BEGIN Supplied information
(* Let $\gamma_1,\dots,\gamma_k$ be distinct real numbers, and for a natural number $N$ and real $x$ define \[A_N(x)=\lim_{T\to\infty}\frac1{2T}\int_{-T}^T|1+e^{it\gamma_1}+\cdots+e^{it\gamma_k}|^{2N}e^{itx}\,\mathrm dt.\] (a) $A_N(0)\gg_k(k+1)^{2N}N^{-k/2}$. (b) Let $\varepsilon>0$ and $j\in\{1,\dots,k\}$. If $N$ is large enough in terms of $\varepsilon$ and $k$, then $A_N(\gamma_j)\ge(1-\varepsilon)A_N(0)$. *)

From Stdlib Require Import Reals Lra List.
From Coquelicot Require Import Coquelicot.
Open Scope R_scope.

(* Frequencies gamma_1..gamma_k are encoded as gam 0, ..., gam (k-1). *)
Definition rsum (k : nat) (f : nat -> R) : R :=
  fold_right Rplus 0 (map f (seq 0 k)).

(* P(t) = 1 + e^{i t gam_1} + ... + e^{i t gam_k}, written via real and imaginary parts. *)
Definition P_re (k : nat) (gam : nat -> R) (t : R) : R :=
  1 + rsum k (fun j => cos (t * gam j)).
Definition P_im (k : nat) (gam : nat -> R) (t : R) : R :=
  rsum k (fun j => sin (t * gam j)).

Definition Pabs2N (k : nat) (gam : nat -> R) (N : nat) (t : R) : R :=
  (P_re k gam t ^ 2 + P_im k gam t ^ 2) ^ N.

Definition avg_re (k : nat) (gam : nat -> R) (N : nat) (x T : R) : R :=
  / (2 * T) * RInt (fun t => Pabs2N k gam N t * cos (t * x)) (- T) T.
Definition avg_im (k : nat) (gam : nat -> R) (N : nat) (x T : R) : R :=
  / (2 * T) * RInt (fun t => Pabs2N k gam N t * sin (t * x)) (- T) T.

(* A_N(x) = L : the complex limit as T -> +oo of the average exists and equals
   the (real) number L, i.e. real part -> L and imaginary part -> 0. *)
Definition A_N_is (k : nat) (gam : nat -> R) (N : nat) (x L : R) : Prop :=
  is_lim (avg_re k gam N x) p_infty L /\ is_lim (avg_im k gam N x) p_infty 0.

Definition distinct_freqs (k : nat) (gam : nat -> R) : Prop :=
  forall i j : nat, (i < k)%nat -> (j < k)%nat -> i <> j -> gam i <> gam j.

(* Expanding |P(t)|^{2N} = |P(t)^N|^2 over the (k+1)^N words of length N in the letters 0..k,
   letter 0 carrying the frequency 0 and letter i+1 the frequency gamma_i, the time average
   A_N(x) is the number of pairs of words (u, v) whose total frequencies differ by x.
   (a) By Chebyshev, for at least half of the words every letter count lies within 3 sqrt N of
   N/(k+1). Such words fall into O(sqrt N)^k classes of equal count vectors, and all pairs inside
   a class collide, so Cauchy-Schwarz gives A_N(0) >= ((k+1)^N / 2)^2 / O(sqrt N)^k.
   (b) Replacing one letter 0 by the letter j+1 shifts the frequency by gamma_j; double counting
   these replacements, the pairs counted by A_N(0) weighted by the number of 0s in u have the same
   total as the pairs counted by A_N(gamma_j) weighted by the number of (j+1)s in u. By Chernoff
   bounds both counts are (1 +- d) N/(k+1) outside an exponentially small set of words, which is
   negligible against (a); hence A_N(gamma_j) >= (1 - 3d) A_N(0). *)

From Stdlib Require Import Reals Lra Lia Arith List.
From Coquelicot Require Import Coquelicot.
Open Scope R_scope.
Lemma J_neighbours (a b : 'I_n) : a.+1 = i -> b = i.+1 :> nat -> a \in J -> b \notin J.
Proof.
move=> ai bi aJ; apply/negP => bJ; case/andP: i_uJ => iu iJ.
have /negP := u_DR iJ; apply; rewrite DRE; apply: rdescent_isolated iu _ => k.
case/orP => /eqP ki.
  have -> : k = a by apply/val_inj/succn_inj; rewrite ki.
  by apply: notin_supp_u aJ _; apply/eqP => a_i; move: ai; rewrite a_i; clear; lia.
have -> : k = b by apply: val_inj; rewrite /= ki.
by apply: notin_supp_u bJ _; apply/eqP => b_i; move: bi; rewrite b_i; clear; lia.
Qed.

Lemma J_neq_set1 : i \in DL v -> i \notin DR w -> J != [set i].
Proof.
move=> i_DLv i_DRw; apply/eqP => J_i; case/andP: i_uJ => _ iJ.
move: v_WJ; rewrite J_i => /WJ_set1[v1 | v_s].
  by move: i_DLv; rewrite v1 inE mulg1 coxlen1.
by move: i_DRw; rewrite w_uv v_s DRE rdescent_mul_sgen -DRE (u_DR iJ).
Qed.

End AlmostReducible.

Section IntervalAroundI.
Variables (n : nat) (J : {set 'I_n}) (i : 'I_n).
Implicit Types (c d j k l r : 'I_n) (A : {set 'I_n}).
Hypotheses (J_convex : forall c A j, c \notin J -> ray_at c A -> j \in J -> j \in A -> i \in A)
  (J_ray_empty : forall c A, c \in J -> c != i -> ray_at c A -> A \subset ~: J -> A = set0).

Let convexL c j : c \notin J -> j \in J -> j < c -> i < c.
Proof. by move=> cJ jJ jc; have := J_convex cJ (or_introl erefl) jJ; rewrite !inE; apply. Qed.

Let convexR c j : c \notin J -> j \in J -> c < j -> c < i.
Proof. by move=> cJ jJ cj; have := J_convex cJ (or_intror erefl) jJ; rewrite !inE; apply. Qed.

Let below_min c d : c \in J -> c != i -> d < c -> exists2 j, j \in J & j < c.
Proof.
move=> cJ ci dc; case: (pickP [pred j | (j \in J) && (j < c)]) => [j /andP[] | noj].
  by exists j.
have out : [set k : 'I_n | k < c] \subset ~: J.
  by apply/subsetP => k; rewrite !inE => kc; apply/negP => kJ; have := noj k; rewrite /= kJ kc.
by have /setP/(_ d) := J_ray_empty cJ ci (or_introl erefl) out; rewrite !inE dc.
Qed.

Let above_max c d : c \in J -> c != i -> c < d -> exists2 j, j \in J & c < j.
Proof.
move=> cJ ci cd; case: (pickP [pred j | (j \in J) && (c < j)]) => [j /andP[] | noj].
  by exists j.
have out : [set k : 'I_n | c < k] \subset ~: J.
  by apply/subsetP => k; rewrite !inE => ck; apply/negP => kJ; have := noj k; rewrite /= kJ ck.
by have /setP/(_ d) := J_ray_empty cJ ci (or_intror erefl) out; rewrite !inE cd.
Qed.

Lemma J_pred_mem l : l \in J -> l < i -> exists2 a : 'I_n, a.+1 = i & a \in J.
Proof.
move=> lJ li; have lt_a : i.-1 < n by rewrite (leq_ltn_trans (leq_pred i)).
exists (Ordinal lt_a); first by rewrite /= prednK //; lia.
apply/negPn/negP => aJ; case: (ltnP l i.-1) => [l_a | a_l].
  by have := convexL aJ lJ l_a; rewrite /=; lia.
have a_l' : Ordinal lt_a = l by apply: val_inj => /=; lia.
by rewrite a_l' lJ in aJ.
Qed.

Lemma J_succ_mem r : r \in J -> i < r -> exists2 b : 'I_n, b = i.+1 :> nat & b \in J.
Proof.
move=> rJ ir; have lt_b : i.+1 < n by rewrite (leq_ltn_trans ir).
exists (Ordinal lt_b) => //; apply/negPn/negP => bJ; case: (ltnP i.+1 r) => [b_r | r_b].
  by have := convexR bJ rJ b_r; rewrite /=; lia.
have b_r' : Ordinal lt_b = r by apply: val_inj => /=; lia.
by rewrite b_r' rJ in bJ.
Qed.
END Supplied information
Exercise requirements :: Nothing but the lines from the line that contains "by apply/subsetP => k; rewrite !inE => ck;" to the last line of the records above should appear in the answer; please copy them exactly.

Answer to this problem ::
  by apply/subsetP => k; rewrite !inE => ck; apply/negP => kJ; have := noj k; rewrite /= kJ ck.
by have /setP/(_ d) := J_ray_empty cJ ci (or_intror erefl) out; rewrite !inE cd.
Qed.

Lemma J_pred_mem l : l \in J -> l < i -> exists2 a : 'I_n, a.+1 = i & a \in J.
Proof.
move=> lJ li; have lt_a : i.-1 < n by rewrite (leq_ltn_trans (leq_pred i)).
exists (Ordinal lt_a); first by rewrite /= prednK //; lia.
apply/negPn/negP => aJ; case: (ltnP l i.-1) => [l_a | a_l].
  by have := convexL aJ lJ l_a; rewrite /=; lia.
have a_l' : Ordinal lt_a = l by apply: val_inj => /=; lia.
by rewrite a_l' lJ in aJ.
Qed.

Lemma J_succ_mem r : r \in J -> i < r -> exists2 b : 'I_n, b = i.+1 :> nat & b \in J.
Proof.
move=> rJ ir; have lt_b : i.+1 < n by rewrite (leq_ltn_trans ir).
exists (Ordinal lt_b) => //; apply/negPn/negP => bJ; case: (ltnP i.+1 r) => [b_r | r_b].
  by have := convexR bJ rJ b_r; rewrite /=; lia.
have b_r' : Ordinal lt_b = r by apply: val_inj => /=; lia.
by rewrite b_r' rJ in bJ.
Qed.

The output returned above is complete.